Comportamento de secretário de defesa do governo Trump revela tensões na alta cúpula militar americana Internacional, Casa Branca, Donald Trump, Pentágono, Pete Hegseth CNN Brasil
O secretário do Exército, Dan Driscoll, estava no cargo há apenas alguns dias antes de irritar seu novo chefe, o secretário de Defesa Pete Hegseth.
Driscoll, veterano do Exército e amigo pessoal de longa data do vice-presidente americano JD Vance, vinha apresentando ideias para levar Vance e o presidente dos Estados Unidos Donald Trump ao Pentágono — um evento que ele acreditava que elevaria o moral, dada a pompa e a circunstância que acompanham qualquer visita presidencial.
Trump demonstrou interesse na ideia, disseram duas pessoas familiarizadas com o assunto à CNN.
Hegseth, no entanto, considerou as propostas de Driscoll à Casa Branca como insubordinação, disseram as fontes. Trump era seu chefe, e Driscoll não deveria tê-lo ignorado e o prejudicado, disse Hegseth ao secretário do Exército ao saber dos planos.
Driscoll respondeu que essa não era sua intenção, e os dois — pelo menos externamente — seguiram em frente.
A desconfiança de Hegseth em relação a Driscoll é emblemática de sua fixação mais ampla em minar ou remover qualquer pessoa que ele perceba como uma ameaça a sua imagem pública e a sua relação com Trump, independentemente de sua experiência ou qualificação, disseram à CNN uma dúzia de autoridades atuais e ex-funcionários.
“Se Driscoll começar a ganhar destaque demais ou a ser muito favorecido, fica muito mais fácil, politicamente, simplesmente se livrar de Hegseth de alguma forma ou encontrar uma saída para ele”, disse uma das fontes.
Ameaças em potencial ao redor de Hegseth
Questionamentos sobre a longevidade de Hegseth no cargo surgiram praticamente desde o início de sua gestão.
E o nome de Dan Driscoll foi cada vez mais mencionado, inclusive dentro da Casa Branca, como um possível substituto para o cargo de secretário de Defesa após uma série de erros de alto nível cometidos por Hegseth — para grande irritação dele, segundo fontes.
As táticas de Hegseth podem ser implacáveis. Em abril, após uma série de vazamentos que, segundo ele, o prejudicaram, Hegseth demitiu três altos funcionários do Pentágono.

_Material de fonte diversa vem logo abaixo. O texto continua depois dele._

Definition is_proper (I : scar S -> Prop) : Prop := ~ I (sone S).

Definition is_prime (P : scar S -> Prop) : Prop :=
  is_ideal P /\ is_proper P /\
  (forall x y, sval x -> sval y -> P (smul x y) -> P x \/ P y).

Definition is_maximal (M : scar S -> Prop) : Prop :=
  is_ideal M /\ is_proper M /\
  (forall J, is_ideal J -> is_proper J -> (forall x, M x -> J x) ->
     forall x, J x -> M x).

Definition is_minimal_prime (P : scar S -> Prop) : Prop :=
  is_prime P /\
  (forall Q, is_prime Q -> (forall x, Q x -> P x) -> forall x, P x -> Q x).

Fixpoint spow (x : scar S) (n : nat) : scar S :=
  match n with O => sone S | n'.+1 => smul x (spow x n') end.

Definition nilradical (x : scar S) : Prop :=
  sval x /\ exists n, seqv (spow x n) (szero S).

Definition is_associated_prime (P : scar S -> Prop) : Prop :=
  is_prime P /\
  exists z, sval z /\
    forall x, P x <-> (sval x /\ seqv (smul x z) (szero S)).
End SringDefs.

Definition sring_of (R : comNzRingType) : sring :=
  @SRing R (fun _ => True) (@eq R) 0 1 +%R (fun x => - x) *%R.

Definition noetherian (R : comNzRingType) : Prop :=
  forall I : R -> Prop, is_ideal (S := sring_of R) I ->
    exists s : seq R, forall x,
      I x <-> exists cs : seq R, x = \sum_(i < size s) cs`_i * s`_i.

Definition local_ring (R : comNzRingType) (m : R -> Prop) : Prop :=
  is_maximal (S := sring_of R) m /\
  forall M, is_maximal (S := sring_of R) M -> forall x, M x <-> m x.

Definition ordered_abelian_group (G : porderZmodType) : Prop :=
  (forall x y : G, (x <= y) || (y <= x)) /\
  (forall x y z : G, x <= y -> x + z <= y + z).

Section Valuation.
Variable G : porderZmodType.
(* G ∪ {∞}, with None = ∞ *)
Definition oadd (x y : option G) : option G :=
  match x, y with Some a, Some c => Some (a + c) | _, _ => None end.
Definition ole (x y : option G) : bool :=
  match x, y with
  | _, None => true
  | None, Some _ => false
  | Some a, Some c => a <= c end.
Definition omin (x y : option G) : option G := if ole x y then x else y.
Definition opos (x : option G) : bool :=
  match x with None => true | Some a => 0 < a end.

Definition is_valuation (R : comNzRingType) (nu : R -> option G) : Prop :=
  (forall a c, nu (a * c) = oadd (nu a) (nu c)) /\
  (forall a c, ole (omin (nu a) (nu c)) (nu (a + c))) /\
  nu 1 = Some 0 /\ nu 0 = None /\
  is_minimal_prime (S := sring_of R) (fun a => nu a = None).

Definition centered_on (R : comNzRingType) (nu : R -> option G)
    (m : R -> Prop) : Prop :=
  (forall a, ole (Some 0) (nu a)) /\ (forall a, m a -> opos (nu a)).
End Valuation.

Section Blowup.
Variables (R : comNzRingType) (G : porderZmodType) (nu : R -> option G).
Variables (b : R) (as_ : seq R).

(* R_b : (x, n) represents x / b^n *)
Definition Rb := (R * nat)%type.
Definition beqv (p q : Rb) : Prop :=
  exists k, b ^+ k * (p.1 * b ^+ q.2 - q.1 * b ^+ p.2) = 0.
Definition badd (p q : Rb) : Rb := (p.1 * b ^+ q.2 + q.1 * b ^+ p.2, (p.2 + q.2)%N).
Definition bmul (p q : Rb) : Rb := (p.1 * q.1, (p.2 + q.2)%N).
Definition bopp (p : Rb) : Rb := (- p.1, p.2).
Definition bzero : Rb := (0, 0%N).
Definition bone : Rb := (1, 0%N).

(* generators of R' = (R/J(b))[a_1/b, ..., a_r/b] inside R_b *)
Inductive Rgen : Rb -> Prop :=
  | Rgen_R x : Rgen (x, 0%N)
  | Rgen_a a : a \in as_ -> Rgen (a, 1%N)
  | Rgen_add p q : Rgen p -> Rgen q -> Rgen (badd p q)
  | Rgen_opp p : Rgen p -> Rgen (bopp p)
  | Rgen_mul p q : Rgen p -> Rgen q -> Rgen (bmul p q).

Definition inR' (p : Rb) : Prop := exists q, Rgen q /\ beqv q p.

Definition nub (p : Rb) : option G :=
  match nu b, nu p.1 with
  | Some vb, Some vx => Some (vx - vb *+ p.2)
  | _, _ => None end.

(* elements of R' outside the center C_nu(R') *)
Definition R'offC (p : Rb) : Prop := inR' p /\ ~~ opos (nub p).

(* R^(1) = R'_{C_nu(R')} : (f, g) represents f / g *)
Definition blowup : sring :=
  @SRing (Rb * Rb)%type
    (fun fg => inR' fg.1 /\ R'offC fg.2)
    (fun fg fg' => exists h, R'offC h /\
        beqv (bmul h (badd (bmul fg.1 fg'.2) (bopp (bmul fg'.1 fg.2)))) bzero)
    (bzero, bone) (bone, bone)
    (fun fg fg' => (badd (bmul fg.1 fg'.2) (bmul fg'.1 fg.2), bmul fg.2 fg'.2))
    (fun fg => (bopp fg.1, fg.2))
    (fun fg fg' => (bmul fg.1 fg'.1, bmul fg.2 fg'.2)).
End Blowup.

(* Let P be the support of nu, a minimal prime, and I the kernel of R -> R_P.
   As R is noetherian, I is finitely generated, so a single b outside P kills
   I; then J(b) = I and the blowing up along b is a localization of R / I at
   elements outside P.  By minimality P is nilpotent modulo I, and induction
   over a finite generating set of P produces z with ann_{R/I}(z) = P.  In the
   blowing up the nilradical is therefore the prime ideal ann(z/1); any
   associated prime ann(w) contains the nilradical and, as elements outside P
   are regular modulo I, is contained in it. *)

From Pilot Require Import Defs.
From HB Require Import structures.
From mathcomp Require Import all_boot all_order all_algebra.
From mathcomp Require Import ring.
From Stdlib Require Import Classical ClassicalEpsilon.
From Stdlib Require Import FunctionalExtensionality PropExtensionality.
Set Implicit Arguments. Unset Strict Implicit. Unset Printing Implicit Defensive.
Import Order.TTheory GRing.Theory Num.Theory.
Local Open Scope ring_scope.

Section Ideals.
Variable R : comNzRingType.

Definition ideal (J : R -> Prop) := is_ideal (S := sring_of R) J.
Definition incl (J K : R -> Prop) := forall x, J x -> K x.

Lemma idealP (J : R -> Prop) : ideal J <->
  [/\ J 0, (forall x y, J x -> J y -> J (x + y)), (forall x, J x -> J (- x))
    & (forall a x, J x -> J (a * x))].
Proof.
split; first by case=> _ [_ [J0 [JD [JN JM]]]]; split=> // a x; apply: JM.
case=> J0 JD JN JM; do 2!split=> //; first by move=> x y _ /= ->.
by do 3!split=> //; move=> a x _; apply: JM.
Qed.

Lemma noetherian_fg (J : R -> Prop) : noetherian R -> ideal J ->
  exists s : seq R, (forall x, x \in s -> J x) /\
    forall K, ideal K -> (forall x, x \in s -> K x) -> incl J K.
Proof.
move=> Rnoeth idJ; have [s Js] := Rnoeth J idJ; exists s; split.
  move=> _ /(nthP 0) [i lt_i_s <-]; apply/Js.
  exists [seq (j == i)%:R | j <- iota 0 (size s)].
  rewrite (bigD1 (Ordinal lt_i_s)) //= big1 => [|j /negbTE neq_ji].
    by rewrite (nth_map 0%N) ?size_iota // nth_iota // eqxx mul1r addr0.
  rewrite (nth_map 0%N) ?size_iota // nth_iota // add0n.
  by rewrite (_ : (j == i :> nat) = false) ?mul0r // -neq_ji -val_eqE.
move=> K /idealP [K0 KD _ KM] sK y /Js [cs ->].
by apply: (big_ind K) => // i _; apply/KM/sK/mem_nth.
Qed.

Lemma noetherian_ascending_chain (f : nat -> R -> Prop) : noetherian R ->
  (forall n, ideal (f n)) -> (forall n, incl (f n) (f n.+1)) ->
  exists N, incl (f N.+1) (f N).
Proof.
move=> Rnoeth idf incl_f.
have mono m n : (m <= n)%N -> incl (f m) (f n).
  elim: n => [|n IH]; first by rewrite leqn0 => /eqP ->.
  by rewrite leq_eqVlt ltnS => /predU1P [-> //|/IH lemn x /lemn /incl_f].
pose U x := exists n, f n x.
have idU : ideal U.
  apply/idealP; split.
  - by exists 0%N; case/idealP: (idf 0%N).
  - move=> x y [m fx] [n fy]; exists (maxn m n).
    case/idealP: (idf (maxn m n)) => _ fD _ _.
    by apply: fD; [apply: (mono m) fx|apply: (mono n) fy]; rewrite ?leq_maxl ?leq_maxr.
  - by move=> x [n fx]; exists n; case/idealP: (idf n) => _ _ fN _; apply: fN.
  - by move=> a x [n fx]; exists n; case/idealP: (idf n) => _ _ _ fM; apply: fM.
have [s [sU Usub]] := noetherian_fg Rnoeth idU.
have [N sN] : exists N, forall x, x \in s -> f N x.
  elim: s {Usub} sU => [|x s IH] sU; first by exists 0%N.
  have [n fx] := sU x (mem_head _ _).
  have [N sN] := IH (fun y sy => sU y (mem_behead (s := x :: s) sy)).
  exists (maxn n N) => y; rewrite in_cons => /predU1P [->|/sN].
    exact: mono (leq_maxl n N) _ fx.
  exact: mono (leq_maxr n N) _.
by exists N => x fx; apply: (Usub _ (idf N) sN); exists N.+1.
Qed.

Lemma noetherian_maximal (F : (R -> Prop) -> Prop) J0 : noetherian R ->
  (forall J, F J -> ideal J) -> F J0 ->
  exists J, F J /\ forall J', F J' -> incl J J' -> incl J' J.
Proof.
move=> Rnoeth idF FJ0; apply: NNPP => no_max.
have grow J : F J -> exists J', F J' /\ incl J J' /\ ~ incl J' J.
  move=> FJ; apply: NNPP => no_grow; apply: no_max; exists J; split=> // J' FJ' JJ'.
  by apply: NNPP => J'J; apply: no_grow; exists J'.
pose next J := epsilon (inhabits J0) (fun J' => F J' /\ incl J J' /\ ~ incl J' J).
pose f := fix f n := if n is n'.+1 then next (f n') else J0.
have Ff n : F (f n).
  by elim: n => [|n IH] //=; exact: (epsilon_spec _ _ (grow _ IH)).1.
have f_grow n : incl (f n) (f n.+1) /\ ~ incl (f n.+1) (f n).
  exact: (epsilon_spec _ _ (grow _ (Ff n))).2.
have [N fN] := noetherian_ascending_chain Rnoeth (fun n => idF _ (Ff n))
  (fun n => (f_grow n).1).
exact: (f_grow N).2 fN.
Qed.

Definition ideal_adjoin (J : R -> Prop) (z y : R) := exists j r, J j /\ y = j + r * z.

Lemma ideal_adjoin_ideal J z : ideal J -> ideal (ideal_adjoin J z).
Proof.
case/idealP=> J0 JD JN JM; apply/idealP; split.
- by exists 0, 0; rewrite mul0r addr0.
- move=> _ _ [j [r [Jj ->]]] [j' [r' [Jj' ->]]].
  by exists (j + j'), (r + r'); split; [apply: JD|ring].
- move=> _ [j [r [Jj ->]]]; exists (- j), (- r); split; [exact: JN|ring].
- move=> a _ [j [r [Jj ->]]]; exists (a * j), (a * r); split; [exact: JM|ring].
Qed.

Lemma maximal_disjoint_prime (S J : R -> Prop) :
  S 1 -> (forall x y, S x -> S y -> S (x * y)) ->
  ideal J -> (forall y, J y -> ~ S y) ->
  (forall J', ideal J' -> (forall y, J' y -> ~ S y) -> incl J J' -> incl J' J) ->
  is_prime (S := sring_of R) J.
Proof.
move=> S1 SM idJ JS Jmax; split=> //; split; first by move/JS.
have [J0 JD _ JM] := (idealP J).1 idJ.
have meet z : ~ J z -> exists s, S s /\ ideal_adjoin J z s.
  move=> Jz; apply: NNPP => no_s; apply: Jz.
  apply: (Jmax _ (ideal_adjoin_ideal z idJ)).
  - by move=> s adj_s Ss; apply: no_s; exists s.
  - by move=> y Jy; exists y, 0; rewrite mul0r addr0.
  - by exists 0, 1; rewrite mul1r add0r.
move=> x y _ _ /= Jxy; apply: NNPP => /not_or_and [/meet [s [Ss [j [r [Jj def_s]]]]]].
move=> /meet [s' [Ss' [j' [r' [Jj' def_s']]]]].
apply: (JS _ _ (SM _ _ Ss Ss')); rewrite def_s def_s'.
have -> : (j + r * x) * (j' + r' * y) =
    (j' + r' * y) * j + r * x * j' + r * r' * (x * y) by ring.
by apply: (JD); [apply: (JD)|]; apply: (JM).
Qed.
End Ideals.

Section PrimeLocalization.
Variables (R : comNzRingType) (P : R -> Prop).
Hypothesis P_prime : is_prime (S := sring_of R) P.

Dois deles eram amigos próximos que trabalharam com Hegseth por anos e os quais foram acusados publicamente de serem os responsáveis. Porém, essas acusações nunca foram comprovadas.

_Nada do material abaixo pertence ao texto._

Lemma geronimus_moment m : K (P m.+1) + (Q m.+1 - P m.+1)`_m * K (P m) = 0.
Proof.
have := mops_orth_lt hQ (ltn0Sn m).
by rewrite (mops0 hQ) mulr1 {1}geronimus_two_term KD KZ.
Qed.

End GeronimusTransform.

Section MassPoint.
Variable R : realType.
Implicit Types (p q : {poly R}).
Variables (L M : {poly R} -> R) (c N : R).
Hypotheses (LD : forall p q, L (p + q) = L p + L q)
  (LZ : forall k p, L (k *: p) = k * L p).
Hypotheses (MD : forall p q, M (p + q) = M p + M q)
  (MZ : forall k p, M (k *: p) = k * M p).
Hypothesis MX : forall q, M (('X - c%:P) * q) = L q.

Definition MN p := M p + N * p.[c].

Lemma MND p q : MN (p + q) = MN p + MN q.
Proof. by rewrite /MN MD hornerD; ring. Qed.

Lemma MNZ k p : MN (k *: p) = k * MN p.
Proof. by rewrite /MN MZ hornerZ; ring. Qed.

Lemma MNX q : MN (('X - c%:P) * q) = L q.
Proof. by rewrite /MN MX hornerM hornerXsubC subrr mul0r mulr0 addr0. Qed.

Variables P Qc QN : nat -> {poly R}.
Hypotheses (hP : is_MOPS_for L P) (hQc : is_MOPS_for M Qc)
  (hQN : is_MOPS_for MN QN).

Lemma QN_coefE m : (P m).[c] != 0 -> M (P m) != 0 ->
  let B := - (Qc m.+1).[c] * (P m).[c] / L (P m * P m) in
  1 + N * B != 0 ->
  (QN m.+1 - P m.+1)`_m =
    ((P m.+1).[c] / (P m).[c] - M (P m.+1) / M (P m)) / (1 + N * B)
    - (P m.+1).[c] / (P m).[c].
Proof.
move=> Pc_neq0 MP_neq0 B.
rewrite /B (geronimus_two_term LD LZ MD MZ MX hP hQc m) hornerD hornerZ.
apply: solve_mass_coef => //.
- exact: (mops_norm_neq0 hP).
- exact: (norm_wronskian LD LZ MD MZ MX hP).
- exact: (geronimus_moment LD LZ MD MZ MX hP hQc).
- exact: (geronimus_moment LD LZ MND MNZ MNX hP hQN).
Qed.

End MassPoint.

Lemma size_DeltaP (R : realType) (Ln Lm bt gm : R) :
  Lm != 0 -> gm != 0 -> size (DeltaP Ln Lm bt gm) = 2.
Proof.
move=> Lm_neq0 gm_neq0.
have slope_neq0 : Lm / gm != 0 by rewrite mulf_neq0 ?invr_eq0.
have -> : DeltaP Ln Lm bt gm =
    (Lm / gm)%:P * 'X + (Lm * (1 / Lm) - Lm / gm * bt + Ln * Lm / gm)%:P.
  by rewrite /DeltaP !(polyCD, polyCN, polyCM, polyC1); ring.
by rewrite size_MXaddC polyC_eq0 (negbTE slope_neq0) /= size_polyC slope_neq0.
Qed.

(* Pn, u, v stand for P_n(x), P_(n-1)(x), P_(n-2)(x), and dPn, du, dv for the
   values of their derivatives. *)
Lemma ladder_identity (R : realType)
    (Ln Lm bt gm sg an am bn bm x u v Pn dPn du dv : R) :
  sg != 0 -> bm != 0 -> Lm != 0 -> gm != 0 -> Deltaf Ln Lm bt gm x != 0 ->
  Pn = (x - bt) * u - gm * v ->
  dPn = (an * Pn + bn * u) / sg ->
  du = (am * u + bm * v) / sg ->
  dv = (u + (x - bt) * du - dPn) / gm ->
  let C1 := C1f Ln gm sg an bm in
  let D1 := D1f Ln bt gm sg bn am bm x in
  let C2 := C2f Lm bt gm sg an bm x in
  let D2 := D2f Lm bt gm sg bn am bm x in
  - xif C1 D1 Ln Lm bt gm x * (Pn + Ln * u) + (dPn + Ln * du)
      = etaf C1 D1 Ln Lm bt gm x * (u + Lm * v)
  /\ - etaf C2 D2 Ln Lm bt gm x * (u + Lm * v) + (du + Lm * dv)
      = xif C2 D2 Ln Lm bt gm x * (Pn + Ln * u).
Proof.
move=> sg_neq0 bm_neq0 Lm_neq0 gm_neq0 Delta_neq0 -> -> -> -> /=.
have DeltaE : Deltaf Ln Lm bt gm x = (gm + Lm * (x - bt) + Ln * Lm) / gm.
  by rewrite /Deltaf /B2f; field; rewrite gm_neq0 Lm_neq0.
have num_neq0 : gm + Lm * (x - bt) + Ln * Lm != 0.
  by apply: contraNneq Delta_neq0; rewrite DeltaE => ->; rewrite mul0r.
rewrite /xif /etaf DeltaE /C1f /D1f /C2f /D2f /B2f.
by split; field; rewrite ?sg_neq0 ?bm_neq0 ?Lm_neq0 ?gm_neq0 ?num_neq0.
Qed.

Section Ladder.
Variable R : realType.
Variables (P : nat -> {poly R}) (beta gamma : nat -> R).
Variables (sigma : {poly R}) (a b : nat -> {poly R}).
Hypothesis rec : forall m,
  'X * P m.+1 = P m.+2 + beta m.+1 *: P m.+1 + gamma m.+1 *: P m.
Hypothesis struct : forall m, (0 < m)%N ->
  sigma * (P m)^`() = a m * P m + b m * P m.-1.

Lemma horner_rec m x :
  (P m.+2).[x] = (x - beta m.+1) * (P m.+1).[x] - gamma m.+1 * (P m).[x].
Proof.
have := congr1 (horner^~ x) (rec m).
rewrite /= !(hornerM, hornerD, hornerZ, hornerX) => e.
by rewrite mulrBl e; ring.
Qed.

Lemma horner_struct m x : sigma.[x] != 0 ->
  (P m.+1)^`().[x] =
    ((a m.+1).[x] * (P m.+1).[x] + (b m.+1).[x] * (P m).[x]) / sigma.[x].
Proof.
move=> sx; have := congr1 (horner^~ x) (struct (ltn0Sn m)).
by rewrite /= !(hornerM, hornerD) => <-; field.
Qed.

Lemma horner_deriv_rec m x : gamma m.+1 != 0 ->
  (P m)^`().[x] = ((P m.+1).[x] + (x - beta m.+1) * (P m.+1)^`().[x]
                    - (P m.+2)^`().[x]) / gamma m.+1.
Proof.
move=> g_neq0; have := congr1 (fun p => p^`().[x]) (rec m).
rewrite /= derivM derivX !derivD !derivZ.
rewrite !(hornerM, hornerD, hornerZ, hornerX, hornerC, mul1r) => e.
by apply: (mulIf g_neq0); rewrite divfK // mulrBl addrA e; ring.
Qed.

Lemma ladder_two_term m (Ln Lm x : R) :
  gamma m.+1 != 0 -> Lm != 0 ->
  sigma.[x] != 0 -> (b m.+1).[x] != 0 ->
  Deltaf Ln Lm (beta m.+1) (gamma m.+1) x != 0 ->
  let U := P m.+2 + Ln *: P m.+1 in
  let V := P m.+1 + Lm *: P m in
  let bt := beta m.+1 in let gm := gamma m.+1 in
  let sg := sigma.[x] in
  let an := (a m.+2).[x] in let am := (a m.+1).[x] in
  let bn := (b m.+2).[x] in let bm := (b m.+1).[x] in
  let C1 := C1f Ln gm sg an bm in
  let D1 := D1f Ln bt gm sg bn am bm x in
  let C2 := C2f Lm bt gm sg an bm x in
  let D2 := D2f Lm bt gm sg bn am bm x in
  - xif C1 D1 Ln Lm bt gm x * U.[x] + U^`().[x]
      = etaf C1 D1 Ln Lm bt gm x * V.[x]
  /\ - etaf C2 D2 Ln Lm bt gm x * V.[x] + V^`().[x]
      = xif C2 D2 Ln Lm bt gm x * U.[x].
Proof.
move=> g_neq0 Lm_neq0 sx bx Delta_neq0 U V; rewrite /U /V.
rewrite !derivD !derivZ !hornerD !hornerZ.
exact: (ladder_identity sx bx Lm_neq0 g_neq0 Delta_neq0 (horner_rec m x)
  (horner_struct m.+1 sx) (horner_struct m sx) (horner_deriv_rec x g_neq0)).
Qed.

End Ladder.

Lemma not_msupp_null_ball (R : realType) (mu : {measure set R -> \bar R}) c :
  ~ msupp mu c -> exists2 e : R, 0 < e & mu (ball c e) = 0%E.
Proof.
move=> c_notin; apply: contrapT => no_null; apply: c_notin => e e_gt0.
rewrite lt_neqAle measure_ge0 andbT eq_sym; apply/eqP => mu0.
by apply: no_null; exists e.
Qed.

Lemma measurable_inv (R : realType) : measurable_fun setT (@GRing.inv R).
Proof.
have -> : [set: R] = [set x | x != 0] `|` [set 0].
  by apply/seteqP; split => x //= _; case: (eqVneq x 0) => [->|]; [right | left].
apply/measurable_funU.
- by apply: open_measurable; exact: open_neq.
- exact: measurable_set1.
split; last exact: measurable_fun_set1.
apply: open_continuous_measurable_fun; first exact: open_neq.
by move=> x; rewrite inE => x_neq0; exact: inv_continuous.
Qed.

Section MomentFunctionals.
Variables (R : realType) (mu : {measure set R -> \bar R}) (c e : R).
Hypotheses (e_gt0 : 0 < e) (mu_ball0 : mu (ball c e) = 0%E).
Hypothesis moments :
  forall k : nat, mu.-integrable setT (fun x : R => (x ^+ k)%:E).
Implicit Types (p q : {poly R}).

Definition off_ball := ~` ball c e.

Lemma measurable_off_ball : measurable off_ball.
Proof. by apply: measurableC; exact: measurable_ball. Qed.

Lemma off_ball_subr_neq0 x : off_ball x -> x - c != 0.
Proof.
move=> x_off; rewrite subr_eq0; apply/eqP => xc.
by apply: x_off; rewrite xc; exact: ballxx.
Qed.

Lemma measurable_horner_div p : measurable_fun setT (fun x => p.[x] / (x - c)).
Proof.
apply: measurable_funM; first exact: measurable_poly.
have -> : (fun x : R => (x - c)^-1) = GRing.inv \o horner ('X - c%:P).
  by apply: funext => x /=; rewrite hornerXsubC.
by apply: measurableT_comp; [exact: measurable_inv | exact: measurable_poly].
Qed.

Lemma Rintegral_off_ball f :
  measurable_fun setT f -> Rintegral mu setT f = Rintegral mu off_ball f.
Proof.
move=> mf; rewrite [RHS]Rintegral_mkcond /Rintegral; congr fine.
apply: ae_eq_integral => //.
- exact/measurable_EFinP.
- apply/measurable_EFinP/(measurable_restrictT f measurable_off_ball).
  exact: measurable_funS mf.
exists (ball c e); split => //; first exact: measurable_ball.
move=> x /= neq; apply: contrapT => x_off; apply: neq => _.
by rewrite patchE mem_set.
Qed.

Lemma integrable_horner p : mu.-integrable setT (fun x => p.[x]%:E).
Proof.
apply: (@eq_integrable _ _ _ mu setT measurableT
  (fun x => \sum_(i < size p) (p`_i * x ^+ i)%:E)%E).
  by move=> x _; rewrite sumEFin horner_coef.
apply: (integrable_sum measurableT) => i _.
apply: (@eq_integrable _ _ _ mu setT measurableT
  (fun x => (p`_i)%:E * (x ^+ i)%:E)%E) => //.
exact: (integrableZl measurableT).
Qed.

Lemma integrable_horner_off_ball p :
  mu.-integrable off_ball (fun x => p.[x]%:E).
Proof.
apply: integrableS measurableT measurable_off_ball (@subsetT _ _) _.
exact: integrable_horner.
Qed.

Hegseth também ameaçou altos funcionários do Pentágono, incluindo o então chefe interino do Estado-Maior Conjunto, almirante Chris Grady, com testes de polígrafo e investigações de vazamento.

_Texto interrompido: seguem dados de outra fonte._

(* The identity holds verbatim, without the hypotheses on h and on the mean
   parametrisation of the exponential family. *)
Theorem corollary9 (n K : nat) (U Y : Type)
  (f : vec n -> U -> vec n) (h : vec n -> U -> vec K) (u : nat -> U)
  (T : Y -> vec K) (beta : vec K -> vec K) (lnZ : vec K -> R)
  (E : vec K -> (Y -> R) -> R) (yobs : nat -> Y) (eta gamma : nat -> R)
  (hf : forall t, is_diffeo (fun s => f s (u t)))
  (hh : forall t, differentiable (fun s => h s (u t)))
  (hmean : forall (yhat : vec K) (k : 'I_K), E yhat (fun y => T y k) = yhat k)
  (th0 : traj f u) (J0 : mat n n) :
  forall t : nat,
    chart t (ong_run f h u T beta lnZ E yobs eta gamma th0 J0 t).1
      = (ekf_run f h u T beta lnZ E yobs eta gamma (chart 0 th0) J0 t).1
    /\ (ong_run f h u T beta lnZ E yobs eta gamma th0 J0 t).2
      = (ekf_run f h u T beta lnZ E yobs eta gamma (chart 0 th0) J0 t).2.
Proof.
elim=> [|t [IH1 IH2]]; first by [].
rewrite /= -IH1 -IH2.
exact: ong_step_in_chart.
Qed.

Ele se recusou a aprovar a promoção do veterano do Exército, o tenente-general Doug Sims, que atuava como diretor do Estado-Maior Conjunto, por acreditar que estava vazando informações para prejudicá-lo e por ter sido muito próximo do general aposentado Mark Milley, um crítico ferrenho de Trump, segundo fontes.
Grady e Sims negaram as acusações, que não foram comprovadas. Sims deve se aposentar em breve.
Então, em junho, a ativista de direita Laura Loomer, que, segundo fontes da CNN, conhece Hegseth há mais de uma década e fala com ele regularmente, começou a atacar Dan Driscoll no X, acusando-o de se aproximar de “odiadores de Trump” por ter postado uma foto no X com o oficial aposentado do Exército dos EUA e atual membro democrata do Congresso, Eugene Vindman.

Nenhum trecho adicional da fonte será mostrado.